I’ve been reading a bunch of papers on reinforcment learning applied to video streaming recently, and a shorter paper out of Microsoft called Reinforcement learning for bandwidth estimation and congestion control in real-time communications caught my eye for its clarity.

Here are some of my notes.


Bandwidth estimation and congestion control for real-time communications (i.e., audio and video conferencing) remains a difficult problem, despite many years of research. Achieving high quality of experience (QoE) for end users requires continual updates due to changing network architectures and technologies. In this paper, we apply reinforcement learning for the first time to the problem of real-time communications (RTC), where we seek to optimize user-perceived quality. We present initial proof-of-concept results, where we learn an agent to control sending rate in an RTC system, evaluating using both network simulation and real Internet video calls. We discuss the challenges we observed, particularly in designing realistic reward functions that reflect QoE, and in bridging the gap between the training environment and real-world networks.

My Summary

They focus on applying reinforcement learning (RL) to improving real time, two-way, communications in video streaming. In other words, some sort of two-way video call like FaceTime or a Skype video call.

RL has previously been applied to video streaming, but not in two-way real time communications. They are

  1. video on demand (think of a regular YouTube)
  2. real-time video streaming (think a live broadcast over Twitch, Facebook Live, etc.)

What makes real time communications so difficult?

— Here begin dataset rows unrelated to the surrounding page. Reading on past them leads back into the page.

(* For the asynchronous Sinkhorn iteration described in the context, the iterates $(u^{(\ell)},v^{(\ell)})$ converge to a solution $(u,v)\in\mathbb R_{++}^X\times\mathbb R_{++}^Y$ of the scaling problem, i.e. $\mathrm{diag}(u)K\mathrm{diag}(v)$ has row sums $\mu$ and column sums $\nu$, and $q^{(\ell)}\to1$.
   Context: $X,Y$ finite sets, $\mu\in\mathcal P(X)$, $\nu\in\mathcal P(Y)$ with strictly positive entries, $c\in\mathbb R_+^{X\times Y}$, $\varepsilon>0$, kernel $K(x,y)=\exp(-c(x,y)/\varepsilon)\mu(x)\nu(y)$. Asynchronous Sinkhorn iteration: given $v^{(0)}\in\mathbb R_{++}^Y$, for $\ell\ge0$: $u^{(\ell+1)}=\mu\oslash(Kv^{(\ell)})$, $\hat v^{(\ell+1)}=\nu\oslash(K^\top u^{(\ell+1)})$, $v^{(\ell+1)}=\min\{v^{(\ell)},\hat v^{(\ell+1)}\}$ componentwise, $\pi^{(\ell+1)}=\mathrm{diag}(u^{(\ell+1)})K\mathrm{diag}(v^{(\ell+1)})$, $q^{(\ell+1)}=\sum_{x,y}\pi^{(\ell+1)}(x,y)$; $\oslash$ is componentwise division. *)

From HB Require Import structures.
From mathcomp Require Import all_boot all_order all_algebra.
From mathcomp Require Import all_classical all_reals all_analysis.
Set Implicit Arguments. Unset Strict Implicit. Unset Printing Implicit Defensive.
Import Order.TTheory GRing.Theory Num.Theory.
Local Open Scope ring_scope.

Section Sinkhorn.
Variables (R : realType) (X Y : finType).
Variables (mu : X -> R) (nu : Y -> R) (c : X -> Y -> R) (eps : R).

Definition kernelK (x : X) (y : Y) : R := expR (- c x y / eps) * mu x * nu y.

Definition Kv (v : Y -> R) (x : X) : R := \sum_(y : Y) kernelK x y * v y.
Definition KTu (u : X -> R) (y : Y) : R := \sum_(x : X) kernelK x y * u x.

Definition u_upd (v : Y -> R) (x : X) : R := mu x / Kv v x.
Definition vhat_upd (u : X -> R) (y : Y) : R := nu y / KTu u y.

Fixpoint v_iter (v0 : Y -> R) (l : nat) : Y -> R :=
  match l with
  | 0 => v0
  | l'.+1 => fun y => Num.min (v_iter v0 l' y) (vhat_upd (u_upd (v_iter v0 l') ) y)
  end.

(* u_iter v0 l = u^(l) for l >= 1 (= mu ⊘ K v^(l-1));
   at l = 0 (where the paper leaves u^(0) undefined) it is conventionally
   mu ⊘ K v^(0), which does not affect limits. *)
Definition u_iter (v0 : Y -> R) (l : nat) : X -> R := u_upd (v_iter v0 l.-1).

Definition pi_iter (v0 : Y -> R) (l : nat) (x : X) (y : Y) : R :=
  u_iter v0 l x * kernelK x y * v_iter v0 l y.
Definition q_iter (v0 : Y -> R) (l : nat) : R :=
  \sum_(x : X) \sum_(y : Y) pi_iter v0 l x y.

End Sinkhorn.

  1. If you want two-way interactivity, you can’t have a pre-fetched buffer which is typically used in the scenarios above.
  2. Upload speed comes into play for all parties, which is typically more limited than downlaod speed.
  3. The model needs to run in real-time, so decisions have a tighter window.
  4. There are no pre-encoded quality levels for the video streams, so the action space is perhaps not discrete.

R3Net: An Initial Approach

They train a neural network model designed to estimate bandwidth in real-time. It runs on the receiver side, which then communicates its results to the sender, which then can use the data to control the sending rate of the stream (presumbly increasing data flow and quality, as bandwidth allows).

They formulate the state input as

  • receiver rate (kb/s)
  • average package interval (ms)
  • pacakge loss rate (%)
  • average RTT (ms)

and their action as a bandwidth estimate of 0 to 8 Mb/s. Their reward is then designed as

\[0.6 ln (4R+1) - D - 10L\]

where R is the receiver rate in (Mb/s), D is the average RTT, and L is the packet loss rate. This then supposedly translates to a representation of better QoE, because it rewards receiving more network packets (data) and punishes delay and dropped packets.

They use Unscented Kalman Filter (UKF) as a fixed-rule baseline, and show their neural network improves bandwidth usage by about 5% in a simulated environment, but find the neural network falters a bit when moved to a real environment, and measuring actual video quality (with Netflix’s VMAF), particularly over a slower 3G connection.


Their neural network setup wasn’t particularly interesting to me, as it is just a module that can be improved, but the paper provides and nice architectural overview of how RL might be applied in real-time communications environment, as well as a short introduction to what else is being done in this field of research.

I was also left wondering how they designed the coefficients in their reward function and why they didn’t try to tie the reward directly to the VMAF quality output in the real scenario.


Fang, Joyce, et al. “Reinforcement learning for bandwidth estimation and congestion control in real-time communications.” arXiv preprint arXiv:1912.02222 (2019).